▶ DATASET EXTRACT:
(* In the configuration described in the context, suppose $R_1>R_2$ are positive integers. Then the three lengths $T_1T_2$, $C_1M$, $C_2M$ are all integers if and only if there exist positive integers $\delta, r_1, r_2, r_3$ with $\gcd(r_1,r_2)=1$ and $r_1^2+r_2^2=r_3^2$ such that $R_1=\delta r_1^2$ and $R_2=\delta r_2^2$ (necessarily $r_1>r_2$). In that case $T_1T_2 = 2\delta r_1r_2$, $IM=T_1M=T_2M=\delta r_1 r_2$, $C_1M=\delta r_1r_3$, $C_2M=\delta r_2 r_3$, and the lengths $T_1I = \frac{2\delta r_2r_1^2}{r_3}$, $T_2I=\frac{2\delta r_1r_2^2}{r_3}$, $C_1M_1=\frac{\delta r_1^3}{r_3}$, $C_2M_2=\frac{\delta r_2^3}{r_3}$, $M_1M = \frac{\delta r_1r_2^2}{r_3}$, $M_2M=\frac{\delta r_2r_1^2}{r_3}$, $C_2K=\frac{\delta r_2^2r_3^2}{r_1^2-r_2^2}$, $T_2K=\frac{2\delta r_2^3r_1}{r_1^2-r_2^2}$, $C_1K=\frac{\delta r_1^2r_3^2}{r_1^2-r_2^2}$, $T_1K=\frac{2\delta r_1^3r_2}{r_1^2-r_2^2}$ are rational.
   Context: Configuration: two circles in the plane with centers $C_1,C_2$ and radii $R_1>R_2>0$, externally tangent at the point $I$ (so $I$ lies on segment $C_1C_2$ and $C_1C_2=R_1+R_2$). Let a common external tangent line touch the first circle at $T_1$ and the second circle at $T_2$ (both circles on the same side of line $T_1T_2$). Let $M$ be the midpoint of segment $T_1T_2$; equivalently, $M$ is the point where the common tangent line at $I$ (the line through $I$ perpendicular to $C_1C_2$) meets $T_1T_2$. Let $M_1$ be the midpoint of segment $T_1I$ (which is the intersection point of segment $C_1M$ with $T_1I$, the foot of the perpendicular from $C_1$ to $T_1I$), and $M_2$ the midpoint of segment $T_2I$ (the intersection of $C_2M$ with $T_2I$). Since $R_1>R_2$, the lines $T_1T_2$ and $C_1C_2$ meet at a point $K$, lying beyond $C_2$ on ray $C_1C_2$ and beyond $T_2$ on ray $T_1T_2$. For points $X,Y$, $XY$ denotes the length of segment $\overline{XY}$. *)

From Stdlib Require Import Reals Lra Lia ZArith Arith.
Open Scope R_scope.

Definition point : Type := (R * R)%type.

Definition pdist (X Y : point) : R :=
  sqrt ((fst X - fst Y) ^ 2 + (snd X - snd Y) ^ 2).

Definition dotv (A B C D : point) : R :=
  (fst B - fst A) * (fst D - fst C) + (snd B - snd A) * (snd D - snd C).

(* Cross product of vectors (B - A) and (C - A): zero iff A, B, C collinear. *)
Definition cross (A B C : point) : R :=
  (fst B - fst A) * (snd C - snd A) - (snd B - snd A) * (fst C - fst A).

Definition midpoint (A B : point) : point :=
  ((fst A + fst B) / 2, (snd A + snd B) / 2).

Definition is_integer (x : R) : Prop := exists n : Z, x = IZR n.

Definition is_rational (x : R) : Prop :=
  exists p q : Z, q <> 0%Z /\ x = IZR p / IZR q.

Definition config (Rad1 Rad2 : R) (C1 C2 I T1 T2 M M1 M2 K : point) : Prop :=
  0 < Rad2 /\ Rad2 < Rad1 /\
  (* externally tangent circles, tangent at I *)
  pdist C1 C2 = Rad1 + Rad2 /\ pdist C1 I = Rad1 /\ pdist C2 I = Rad2 /\
  pdist C1 T1 = Rad1 /\ pdist C2 T2 = Rad2 /\
  (* line T1T2 is tangent to both circles at T1 and T2 *)
  T1 <> T2 /\ dotv T1 T2 T1 C1 = 0 /\ dotv T1 T2 T2 C2 = 0 /\
  (* both circles on the same side of T1T2 (external tangent) *)
  dotv T1 C1 T2 C2 > 0 /\
  M = midpoint T1 T2 /\ M1 = midpoint T1 I /\ M2 = midpoint T2 I /\
  (* K is the intersection of lines T1T2 and C1C2 *)
  cross T1 T2 K = 0 /\ cross C1 C2 K = 0.

From Stdlib Require Import Reals Lra Lia Psatz ZArith Arith.
Open Scope R_scope.

(* Put [u = C2 - C1] and [p = T2 - C2] (the radius to [T2]).  The
   configuration is rigid: [I], [T1], [T2], [K] are the affine combinations
   [C1 + r/(r+q) u], [C1 + (r/q) p], [C1 + u + p], [C1 + r/(r-q) u], and the
   Gram data are [|u|^2 = (r+q)^2], [|p|^2 = q^2], [u.p = q(r-q)].  These
   follow from the equality cases of Cauchy-Schwarz (for [I] and [T1]) and
   from uniqueness of the intersection of two non-parallel lines (for [K]).
   Hence every length of the figure is the square root of an explicit
   rational function of [r] and [q] ([config_distances]); e.g.
   [T1T2 = sqrt (4 r q)] and [C1M = sqrt (r (r + q))]. For natural radii, integrality of [T1T2] and [C1M] means that
   [4 R1 R2] and [R1 (R1 + R2)] are squares; a gcd argument then gives
   [R1 = d r1^2], [R2 = d r2^2] with [r1^2 + r2^2] a square
   ([pythagorean_radii]).  Conversely, for such radii all radicands are
   squares of the rational expressions of the theorem
   ([config_pythagorean_lengths]), which are visibly rational. *)

Section Squares.
Local Open Scope nat_scope.

Lemma coprime_square (a b : nat) : Nat.gcd a b = 1 -> Nat.gcd a (b * b) = 1.
Proof.
  intros Hab.
  set (g := Nat.gcd a (b * b)).
  assert (Hga : Nat.divide g a) by apply Nat.gcd_divide_l.
  assert (Hgbb : Nat.divide g (b * b)) by apply Nat.gcd_divide_r.
  assert (Hgb : Nat.gcd g b = 1).
  { apply Nat.divide_1_r; rewrite <- Hab; apply Nat.gcd_greatest.
    - eapply Nat.divide_trans; [apply Nat.gcd_divide_l | exact Hga].
    - apply Nat.gcd_divide_r. }
  assert (Hg_b : Nat.divide g b) by (eapply Nat.gauss; eauto).
  apply Nat.divide_1_r; rewrite <- Hab; now apply Nat.gcd_greatest.
Qed.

▶ WORK ORDER: Search the listing above for the lines with "((fst A + fst B) / 2, (snd A + snd B) / 2)." and "rational function of", then output those lines and all lines between them exactly.

▶ REPLY TO THE TASK:
  ((fst A + fst B) / 2, (snd A + snd B) / 2).

Definition is_integer (x : R) : Prop := exists n : Z, x = IZR n.

Definition is_rational (x : R) : Prop :=
  exists p q : Z, q <> 0%Z /\ x = IZR p / IZR q.

Definition config (Rad1 Rad2 : R) (C1 C2 I T1 T2 M M1 M2 K : point) : Prop :=
  0 < Rad2 /\ Rad2 < Rad1 /\
  (* externally tangent circles, tangent at I *)
  pdist C1 C2 = Rad1 + Rad2 /\ pdist C1 I = Rad1 /\ pdist C2 I = Rad2 /\
  pdist C1 T1 = Rad1 /\ pdist C2 T2 = Rad2 /\
  (* line T1T2 is tangent to both circles at T1 and T2 *)
  T1 <> T2 /\ dotv T1 T2 T1 C1 = 0 /\ dotv T1 T2 T2 C2 = 0 /\
  (* both circles on the same side of T1T2 (external tangent) *)
  dotv T1 C1 T2 C2 > 0 /\
  M = midpoint T1 T2 /\ M1 = midpoint T1 I /\ M2 = midpoint T2 I /\
  (* K is the intersection of lines T1T2 and C1C2 *)
  cross T1 T2 K = 0 /\ cross C1 C2 K = 0.

From Stdlib Require Import Reals Lra Lia Psatz ZArith Arith.
Open Scope R_scope.

(* Put [u = C2 - C1] and [p = T2 - C2] (the radius to [T2]).  The
   configuration is rigid: [I], [T1], [T2], [K] are the affine combinations
   [C1 + r/(r+q) u], [C1 + (r/q) p], [C1 + u + p], [C1 + r/(r-q) u], and the
   Gram data are [|u|^2 = (r+q)^2], [|p|^2 = q^2], [u.p = q(r-q)].  These
   follow from the equality cases of Cauchy-Schwarz (for [I] and [T1]) and
   from uniqueness of the intersection of two non-parallel lines (for [K]).
   Hence every length of the figure is the square root of an explicit
   rational function of [r] and [q] ([config_distances]); e.g.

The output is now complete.